Assignment
Your answer must be every line of the data below that holds the string "ipBr", copied exactly.

(Beginning of Data excerpts)

(* Let $\mathcal{S}=\{S_1,\dots,S_N\}\subset\mathbb{R}^Q_{\ge0}$, let $\Delta$ be a diagonal matrix with positive diagonal entries, and let $\rho\in\mathbb{R}^Q$ with all $\rho_q>0$ satisfy $\rho\notin\mathcal{P}$. Then there exists exactly one vector $\eta$ (a ''fixed point'') such that $$\eta=\Big[\rho-\sum_m\alpha_mS_m\Big]^+,\quad \alpha_m\ge0,\quad \sum_m\alpha_m=1,\quad \alpha_m>0\implies\langle\eta,\Delta S_m\rangle\ge\langle\eta,\Delta S_k\rangle\ \ \forall k.$$
   Context: $[x]^+$ is the componentwise positive part; $\langle x,y\rangle=\sum_qx_qy_q$. Stability region $\mathcal{P}=\{r\in\mathbb{R}^Q_{\ge0}: r\le\sum_n\alpha_nS_n\text{ componentwise for some }\alpha_n\ge0,\sum_n\alpha_n=1\}$. *)

From HB Require Import structures.
From mathcomp Require Import all_boot all_order all_algebra.
From mathcomp Require Import reals.
Set Implicit Arguments. Unset Strict Implicit. Unset Printing Implicit Defensive.
Import Order.TTheory GRing.Theory Num.Theory.
Local Open Scope ring_scope.

(* Vectors of R^Q are column vectors 'cV[R]_Q; component q is x q 0. *)

Definition pospart (R : realType) (Q : nat) (x : 'cV[R]_Q) : 'cV[R]_Q :=
  \col_q Num.max (x q 0) 0.

Definition ip (R : realType) (Q : nat) (x y : 'cV[R]_Q) : R :=
  \sum_(q < Q) x q 0 * y q 0.

Definition is_prob (R : realType) (N : nat) (alpha : 'I_N -> R) : Prop :=
  (forall n, 0 <= alpha n) /\ \sum_(n < N) alpha n = 1.

Definition stab_region (R : realType) (Q N : nat) (S : 'I_N -> 'cV[R]_Q)
  (r : 'cV[R]_Q) : Prop :=
  (forall q, 0 <= r q 0) /\
  exists alpha : 'I_N -> R, is_prob alpha /\
    forall q, r q 0 <= (\sum_(n < N) alpha n *: S n) q 0.

Definition fixed_point (R : realType) (Q N : nat) (S : 'I_N -> 'cV[R]_Q)
  (Delta : 'M[R]_Q) (rho eta : 'cV[R]_Q) : Prop :=
  exists alpha : 'I_N -> R,
    is_prob alpha /\
    eta = pospart (rho - \sum_(m < N) alpha m *: S m) /\
    forall m, 0 < alpha m ->
      forall k, ip eta (Delta *m S k) <= ip eta (Delta *m S m).

From HB Require Import structures.
From mathcomp Require Import all_boot all_order all_algebra.
From mathcomp Require Import reals.
From mathcomp Require Import all_classical all_reals all_analysis.
From mathcomp Require Import ring lra.
Set Implicit Arguments. Unset Strict Implicit. Unset Printing Implicit Defensive.
Import Order.TTheory GRing.Theory Num.Theory.
Local Open Scope classical_set_scope.
Local Open Scope ring_scope.
Import numFieldNormedType.Exports.

(* Fixed points are exactly the first-order optimality points of the convex
   cost  C(alpha) = <eta, Delta eta>  with  eta = [rho - sum_m alpha_m S_m]^+
   over the simplex, whose gradient in the direction  e_k - e_m  is
   -2 <eta, Delta (S_k - S_m)>.  Existence: a minimiser of C on the compact
   simplex is a fixed point, since moving a little mass from an active m to a
   k with a larger score would decrease C.  Uniqueness: two fixed points
   satisfy  <eta1 - eta2, Delta (V1 - V2)> >= 0  for their loads V1, V2,
   while monotonicity of  x |-> [x]^+  bounds that quantity above by
   -<eta1 - eta2, Delta (eta1 - eta2)>. *)

Section ScalarInequalities.
Variable R : realFieldType.

Lemma sqr_max0D_le (a t : R) :
  Num.max (a + t) 0 ^+ 2 <= Num.max a 0 ^+ 2 + 2 * t * Num.max a 0 + t ^+ 2.
Proof.
case: (lerP 0 a) => ha; case: (lerP 0 (a + t)) => hat;
  rewrite ?(max_l ha) ?(max_l hat) ?(max_r (ltW ha)) ?(max_r (ltW hat)); nra.
Qed.

Lemma max0_cocoercive (a b : R) :
  (Num.max a 0 - Num.max b 0) * (b - a) <= - (Num.max a 0 - Num.max b 0) ^+ 2.
Proof.
case: (lerP 0 a) => ha; case: (lerP 0 b) => hb;
  rewrite ?(max_l ha) ?(max_l hb) ?(max_r (ltW ha)) ?(max_r (ltW hb)); nra.
Qed.

Lemma le0_of_quadratic_ge0 (e0 d K : R) : 0 < e0 ->
  (forall e, 0 < e <= e0 -> 2 * e * d <= e ^+ 2 * K) -> d <= 0.
Proof.
move=> e0_gt0 hq; rewrite leNgt; apply/negP => d_gt0.
pose K' := Num.max K 0; have K'_ge0 : 0 <= K' by rewrite le_max lexx orbT.
pose e := Num.min e0 (d / (K' + 1)).
have e_gt0 : 0 < e by rewrite lt_min e0_gt0 divr_gt0 // ltr_wpDl.
have eK'_le : e * K' <= d * K' / (K' + 1).
  by rewrite mulrAC ler_wpM2r // ge_min lexx orbT.
have : 2 * e * d <= e ^+ 2 * K'.
  apply: (le_trans (hq e _)); first by rewrite e_gt0 ge_min lexx.
  by rewrite ler_wpM2l ?sqr_ge0 // le_max lexx.
move=> h; have {h} : 2 * d <= e * K'.
  rewrite -(ler_pM2l e_gt0); congr (_ <= _): h; ring.
have : d * K' / (K' + 1) < d.
  by rewrite ltr_pdivrMr ?ltr_wpDl // mulrDr mulr1 ltrDl.
lra.
Qed.

End ScalarInequalities.

Section Probabilities.
Variables (R : realType) (N : nat).
Implicit Types (a b : 'I_N -> R) (g : 'I_N -> R).

Lemma is_prob_exists_gt0 a : is_prob a -> exists m, 0 < a m.
Proof.
move=> [a_ge0 a_sum1]; apply/not_existsP => hn.
have : \sum_(m < N) a m <= 0.
  by apply: sumr_le0 => m _; rewrite leNgt; apply/negP/hn.
by rewrite a_sum1 ler10.
Qed.

Lemma mix_le_argmax_mix a b g : is_prob a -> is_prob b ->
  (forall m, 0 < a m -> forall k, g k <= g m) ->
  \sum_(m < N) b m * g m <= \sum_(m < N) a m * g m.
Proof.
move=> pa [b_ge0 b_sum1] a_argmax; have [m0 am0] := is_prob_exists_gt0 pa.
have [a_ge0 a_sum1] := pa.
apply: (@le_trans _ _ (g m0)).
  rewrite -[leRHS]mul1r -b_sum1 mulr_suml; apply: ler_sum => m _.
  exact/ler_wpM2l/a_argmax.
rewrite -[leLHS]mul1r -a_sum1 mulr_suml; apply: ler_sum => m _.
have [am_gt0|am_le0] := ltrP 0 (a m); first exact/ler_wpM2l/a_argmax/am_gt0.
have -> : a m = 0 by apply/eqP; rewrite eq_le am_le0 a_ge0.
by rewrite !mul0r.
Qed.

Definition move_mass a m k (e : R) : 'I_N -> R :=
  fun i => a i + (i == k)%:R * e - (i == m)%:R * e.

Lemma sum_pred1_mul (V : lmodType R) k (e : R) (v : 'I_N -> V) :
  \sum_(i < N) ((i == k)%:R * e) *: v i = e *: v k.
Proof.
rewrite (bigD1 k) //= eqxx mul1r big1 ?addr0 // => i /negbTE ->.
by rewrite mul0r scale0r.
Qed.

Lemma mix_move_mass (V : lmodType R) a m k e (v : 'I_N -> V) :
  \sum_(i < N) move_mass a m k e i *: v i
  = \sum_(i < N) a i *: v i + e *: (v k - v m).
Proof.
under eq_bigr do rewrite !scalerBl scalerDl.
by rewrite sumrB big_split /= !sum_pred1_mul scalerBr addrA.
Qed.

Lemma is_prob_move_mass a m k e :
  is_prob a -> 0 <= e -> e <= a m -> is_prob (move_mass a m k e).
Proof.
move=> [a_ge0 a_sum1] e_ge0 e_le; split.
  move=> i; rewrite /move_mass; case: (eqVneq i m) => [->|_].
    rewrite mul1r; have := mulr_ge0 (ler0n R (m == k)) e_ge0; lra.
  by rewrite mul0r subr0 addr_ge0 ?mulr_ge0.
have sum_pred1 j : \sum_(i < N) (i == j)%:R * e = e.
  by rewrite (bigD1 j) //= eqxx mul1r big1 ?addr0 // => i /negbTE ->; rewrite mul0r.
by rewrite sumrB big_split /= a_sum1 !sum_pred1 addrK.
Qed.

Lemma prob_argmin (f : 'rV[R]_N -> R) : (0 < N)%N -> continuous f ->
  exists2 c : 'rV[R]_N, is_prob (fun i => c ord0 i) &
    forall t : 'rV[R]_N, is_prob (fun i => t ord0 i) -> f c <= f t.
Proof.
move=> N_gt0 f_cont; pose simplex := [set v : 'rV[R]_N | is_prob (fun i => v ord0 i)].
have simplex_neq0 : simplex !=set0.
  exists (\row_i (i == Ordinal N_gt0)%:R); split => [i|]; rewrite ?mxE //.
  under eq_bigr do rewrite mxE.
  by rewrite (bigD1 (Ordinal N_gt0)) //= ?eqxx big1 ?addr0 // => i /negbTE ->.
have simplex_closed : closed simplex.
  have -> : simplex = \bigcap_(i in setT) ((fun v : 'rV[R]_N => v ord0 i) @^-1` [set x | 0 <= x])
      `&` ((fun v : 'rV[R]_N => \sum_(i < N) v ord0 i) @^-1` [set 1]).
    apply/seteqP; split => v [h1 h2]; split => // i; last exact: h1.
    by move=> _; exact: h1.
  apply: closedI.
    apply: closed_bigI => i _; apply: closed_comp; last exact: closed_ge.
    by move=> v _; exact: coord_continuous.
  apply: closed_comp; last exact: closed_eq.
  move=> v _; apply: continuous_big => [|i _]; first exact: add_continuous.
  exact: coord_continuous.
have simplex_compact : compact simplex.
  apply: (subclosed_compact simplex_closed
    (@rV_compact _ N (fun _ => `[(0 : R), 1]%classic) (fun _ => @segment_compact R 0 1)))
    => v [v_ge0 v_sum1] i /=.
  rewrite in_itv /= v_ge0 -v_sum1 (bigD1 i) //= lerDl.
  by apply: sumr_ge0 => j _.
have [c c_in c_min] :=
  EVT_min_rV simplex_neq0 simplex_compact (continuous_subspaceT f_cont).
by exists c => [|t t_in]; [move: c_in; rewrite inE | apply: c_min; rewrite inE].
Qed.

End Probabilities.

Section InnerProduct.
Variables (R : realType) (Q : nat).
Implicit Types x y z : 'cV[R]_Q.

Lemma ipBl x y z : ip (x - y) z = ip x z - ip y z.
Proof. by rewrite /ip -sumrB; apply: eq_bigr => q _; rewrite !mxE mulrBl. Qed.

Lemma ipBr x y z : ip x (y - z) = ip x y - ip x z.
Proof. by rewrite /ip -sumrB; apply: eq_bigr => q _; rewrite !mxE mulrBr. Qed.

Lemma ip_sumr N x (a : 'I_N -> R) (v : 'I_N -> 'cV[R]_Q) :
  ip x (\sum_(m < N) a m *: v m) = \sum_(m < N) a m * ip x (v m).
Proof.
rewrite /ip; under eq_bigr do rewrite summxE mulr_sumr.
rewrite exchange_big; apply: eq_bigr => m _; rewrite mulr_sumr.
by apply: eq_bigr => q _; rewrite mxE mulrCA.
Qed.

Variable Delta : 'M[R]_Q.
Hypothesis Delta_diag : is_diag_mx Delta.
Hypothesis Delta_gt0 : forall q, 0 < Delta q q.

Lemma ip_diag_mx x y : ip x (Delta *m y) = \sum_(q < Q) Delta q q * (x q 0 * y q 0).
Proof.
apply: eq_bigr => q _; rewrite mxE (bigD1 q) //= big1 ?addr0; first by rewrite mulrCA.
by move=> j jq; rewrite (is_diag_mxP Delta_diag) 1?eq_sym ?mul0r.
Qed.

Definition energy x := ip (pospart x) (Delta *m pospart x).

Lemma energy_subZ_le x u (t : R) :
  energy (x - t *: u)
  <= energy x - 2 * t * ip (pospart x) (Delta *m u) + t ^+ 2 * ip u (Delta *m u).
Proof.
rewrite /energy !ip_diag_mx !mulr_sumr -sumrB -big_split /=.
apply: ler_sum => q _; rewrite !mxE.
have := ler_wpM2l (ltW (Delta_gt0 q)) (sqr_max0D_le (x q 0) (- (t * u q 0))).
by congr (_ <= _); ring.
Qed.

Lemma pospart_eq_of_ip_ge0 x y :
  0 <= ip (pospart x - pospart y) (Delta *m (y - x)) -> pospart x = pospart y.
Proof.
rewrite ip_diag_mx => h.
have sq_ge0 q : 0 <= Delta q q * (pospart x - pospart y) q 0 ^+ 2.
  by rewrite mulr_ge0 ?sqr_ge0 ?ltW.
have /eqP : \sum_(q < Q) Delta q q * (pospart x - pospart y) q 0 ^+ 2 = 0.
  apply/eqP; rewrite eq_le sumr_ge0 // andbT -oppr_ge0 -sumrN.
  apply: (le_trans h); apply: ler_sum => q _.
  rewrite -mulrN; apply: ler_wpM2l; first exact: ltW.
  rewrite !mxE; exact: max0_cocoercive.
rewrite psumr_eq0 // => /allP sq0; apply/matrixP => q j; rewrite (ord1 j).
move: (sq0 q (mem_index_enum _)).
by rewrite /= mulf_eq0 (gt_eqF (Delta_gt0 q)) sqrf_eq0 !(mxE, subr_eq0) => /eqP.
Qed.

End InnerProduct.

Section FixedPoint.
Variables (R : realType) (Q N : nat) (S : 'I_N -> 'cV[R]_Q).
Variables (Delta : 'M[R]_Q) (rho : 'cV[R]_Q).
Hypothesis Delta_diag : is_diag_mx Delta.
Hypothesis Delta_gt0 : forall q, 0 < Delta q q.

Definition load (a : 'I_N -> R) := \sum_(m < N) a m *: S m.

Lemma ip_load x a : ip x (Delta *m load a) = \sum_(m < N) a m * ip x (Delta *m S m).
Proof.
rewrite /load mulmx_sumr -ip_sumr; congr ip; apply: eq_bigr => m _; by rewrite scalemxAr.
Qed.

Lemma fixed_point_of_argmin a : is_prob a ->
  (forall b, is_prob b -> energy Delta (rho - load a) <= energy Delta (rho - load b)) ->
  fixed_point S Delta rho (pospart (rho - load a)).
Proof.
move=> pa a_min; exists a; split=> //; split=> // m am_gt0 k.
set eta := pospart (rho - load a); rewrite -subr_le0.
pose u := S k - S m.
apply: (@le0_of_quadratic_ge0 _ (a m) _ (ip u (Delta *m u)) am_gt0).
move=> e /andP[e_gt0 e_le].
have := a_min _ (is_prob_move_mass k pa (ltW e_gt0) e_le).
rewrite /load mix_move_mass -/(load a) opprD addrA => /le_trans.
move=> /(_ _ (energy_subZ_le Delta_diag Delta_gt0 _ _ _)).
rewrite -/eta -/u mulmxBr ipBr; lra.
Qed.

Lemma fixed_point_unique eta1 eta2 :
  fixed_point S Delta rho eta1 -> fixed_point S Delta rho eta2 -> eta1 = eta2.
Proof.
move=> [a1 [pa1 [-> a1_argmax]]] [a2 [pa2 [-> a2_argmax]]].
apply: (pospart_eq_of_ip_ge0 Delta_diag Delta_gt0).
have := mix_le_argmax_mix pa1 pa2 a1_argmax.
have := mix_le_argmax_mix pa2 pa1 a2_argmax.
rewrite -!ip_load -/(load a1) -/(load a2) ipBl !mulmxBr !ipBr; lra.
Qed.

Lemma continuous_energy_load :
  continuous (fun v : 'rV[R]_N => energy Delta (rho - load (fun m => v ord0 m))).
Proof.
pose resid q (v : 'rV[R]_N) := rho q 0 - \sum_(m < N) v ord0 m * S m q 0.
have -> : (fun v : 'rV[R]_N => energy Delta (rho - load (fun m => v ord0 m)))
    = (fun v : 'rV[R]_N => \sum_(q < Q) Delta q q * (Num.max (resid q v) 0 * Num.max (resid q v) 0)).
  apply/funext => v; rewrite /energy ip_diag_mx //; apply: eq_bigr => q _.
  by rewrite !mxE summxE; under eq_bigr do rewrite mxE.
have resid_cont q : continuous (resid q).
  move=> v; apply: continuousB; first exact: cst_continuous.
  apply: continuous_big => [|m _ w]; first exact: add_continuous.
  apply: continuousM; [exact: coord_continuous | exact: cst_continuous].
apply: continuous_big => [|q _ v]; first exact: add_continuous.
have pos_cont : continuous (fun v => Num.max (resid q v) 0).
  by move=> w; apply: continuous_max; [exact: resid_cont | exact: cst_continuous].
have := @continuousM R _ (fun=> Delta q q) _ v.
apply; first exact: cst_continuous.
exact: continuousM (pos_cont v) (pos_cont v).
Qed.

End FixedPoint.

Theorem lemma10 (R : realType) (Q N : nat) (S : 'I_N -> 'cV[R]_Q)
  (Delta : 'M[R]_Q) (rho : 'cV[R]_Q) :
  (0 < N)%N ->
  (forall n q, 0 <= S n q 0) ->
  is_diag_mx Delta ->
  (forall q, 0 < Delta q q) ->
  (forall q, 0 < rho q 0) ->
  ~ stab_region S rho ->
  exists! eta : 'cV[R]_Q, fixed_point S Delta rho eta.
Proof.
move=> N_gt0 _ Delta_diag Delta_gt0 _ _.
have [c pc c_min] :=
  prob_argmin N_gt0 (continuous_energy_load (S := S) (rho := rho) Delta_diag).
have c_fp : fixed_point S Delta rho (pospart (rho - load S (fun m => c ord0 m))).
  apply: fixed_point_of_argmin => // b pb.
  have row_bE : (fun m => (\row_i b i) ord0 m) = b by apply/funext => m; rewrite mxE.
  by have := c_min (\row_i b i); rewrite row_bE; apply.
exists (pospart (rho - load S (fun m => c ord0 m))); split => // eta eta_fp.
exact: fixed_point_unique c_fp eta_fp.
Qed.
(* Every column c carries two landmarks, (i, yL c, c) and (i+1, yR c, c), where
   i is the block of c and yL c <> yR c.  Both landmarks of c miss a vertex
   (x, y, z) only if c = z, or c lies in block x with yR c = y, or c lies in
   block x-1 with yL c = y.  Off the special columns the heights cycle with a
   period f >= n3/n1, while a block has at most n3/n1 + 1 columns, so a height
   occurs at most twice in a block: at most 1 + 2 + 2 = 5 columns miss (x, y, z)
   and n3 >= 6 leaves a good one.  The argument never uses that (x, y, z) is a
   vertex of the smaller graph, so it also covers the larger graph. *)

Section Blocks.
Variables n1 n3 : nat.

Lemma LsumS i : 0 < i -> Lsum n1 n3 i.+1 = Lsum n1 n3 i + ell n1 n3 i.
Proof. by move=> i_gt0; rewrite /Lsum big_nat_recr. Qed.

Lemma Lsum1 : Lsum n1 n3 1 = 0.
Proof. by rewrite /Lsum big_geq. Qed.

Lemma leq_Lsum i j : 0 < i -> i <= j -> Lsum n1 n3 i <= Lsum n1 n3 j.
Proof.
move=> i_gt0; elim: j => [|j IHj] ij; first by lia.
have [-> //|ne] := eqVneq i j.+1.
have [j_gt0 ij'] : 0 < j /\ i <= j by lia.
by rewrite LsumS //; apply: leq_trans (IHj ij') (leq_addr _ _).
Qed.

Lemma ell_bounds i : n3 %/ n1 <= ell n1 n3 i <= (n3 %/ n1).+1.
Proof. by rewrite /ell /mq; repeat case: ifP; lia. Qed.

Lemma npairs_le : 2 * npairs n1 n3 <= n1.
Proof. by rewrite /npairs; case: ifP; lia. Qed.

Lemma Lsum_pairs k : k <= npairs n1 n3 ->
  Lsum n1 n3 (2 * k).+1 = k * (2 * (n3 %/ n1) + 1).
Proof.
elim: k => [|k IHk] k_le; first by rewrite Lsum1.
have -> : (2 * k.+1).+1 = (2 * k).+3 by lia.
rewrite LsumS // LsumS // IHk; last by lia.
rewrite /ell /mq !oddS oddM andFb /=.
by rewrite !ifT; lia.
Qed.

Lemma Lsum_total : 0 < n1 -> Lsum n1 n3 n1.+1 = n3.
Proof.
move=> n1_gt0; have p_le := npairs_le.
set p := npairs n1 n3 in p_le *.
rewrite /Lsum (big_cat_nat (n := (2 * p).+1)) //=.
rewrite -/(Lsum n1 n3 (2 * p).+1) Lsum_pairs //.
set tail := if n3 %% n1 <= n1 - n3 %% n1 then n3 %/ n1 else (n3 %/ n1).+1.
rewrite (eq_big_nat _ _ (F2 := fun=> tail)); last first.
  by move=> j j_gt; rewrite /ell -/p /mr /mq ifN //; lia.
rewrite sum_nat_const_nat /tail /p /npairs /mr /mq.
have := divn_eq n3 n1; have := ltn_pmod n3 n1_gt0.
by case: ifP; nia.
Qed.

Lemma in_block_exists c : 0 < n1 -> 0 < c <= n3 -> exists i, in_block n1 n3 i c.
Proof.
move=> n1_gt0 c_col.
suff /(_ n1 (leqnn n1)) : forall m, m <= n1 -> c <= Lsum n1 n3 m.+1 -> exists i,
    [/\ 0 < i <= m, Lsum n1 n3 i < c & c <= Lsum n1 n3 i + ell n1 n3 i].
  rewrite Lsum_total // => /(_ (proj2 (andP c_col))) [i [i_range lo hi]].
  by exists i; rewrite /in_block i_range lo hi.
elim=> [|m IHm] m_le c_le; first by move: c_le; rewrite Lsum1; lia.
have [c_le'|c_gt] := leqP c (Lsum n1 n3 m.+1).
  by have [i [? ? ?]] := IHm (ltnW m_le) c_le'; exists i; split => //; lia.
by exists m.+1; rewrite -LsumS //; split => //; lia.
Qed.

Lemma in_block_unique i j c : in_block n1 n3 i c -> in_block n1 n3 j c -> i = j.
Proof.
wlog ij : i j / i <= j => [wlog_ij ic jc|].
  by case: (leqP i j) => [|/ltnW] ij; [|apply/esym]; apply: wlog_ij.
rewrite /in_block => /andP[/andP[i_gt0 _] /andP[lo_i hi_i]] /andP[_ /andP[lo_j _]].
have [//|ne] := eqVneq i j.
have := leq_Lsum (i := i.+1) isT (_ : i < j); rewrite LsumS //; lia.
Qed.

Lemma in_block_gt0 i c : in_block n1 n3 i c -> 0 < c.
Proof. by rewrite /in_block => /andP[_ /andP[lo _]]; lia. Qed.

Lemma in_block_spread i a d : in_block n1 n3 i a -> in_block n1 n3 i d ->
  d <= a + n3 %/ n1.
Proof.
rewrite /in_block => /andP[_ /andP[lo_a _]] /andP[_ /andP[_ hi_d]].
by have := ell_bounds i; lia.
Qed.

(End of Data excerpts)

Solution for this exercise
Lemma ipBr x y z : ip x (y - z) = ip x y - ip x z.
rewrite -/eta -/u mulmxBr ipBr; lra.
rewrite -!ip_load -/(load a1) -/(load a2) ipBl !mulmxBr !ipBr; lra.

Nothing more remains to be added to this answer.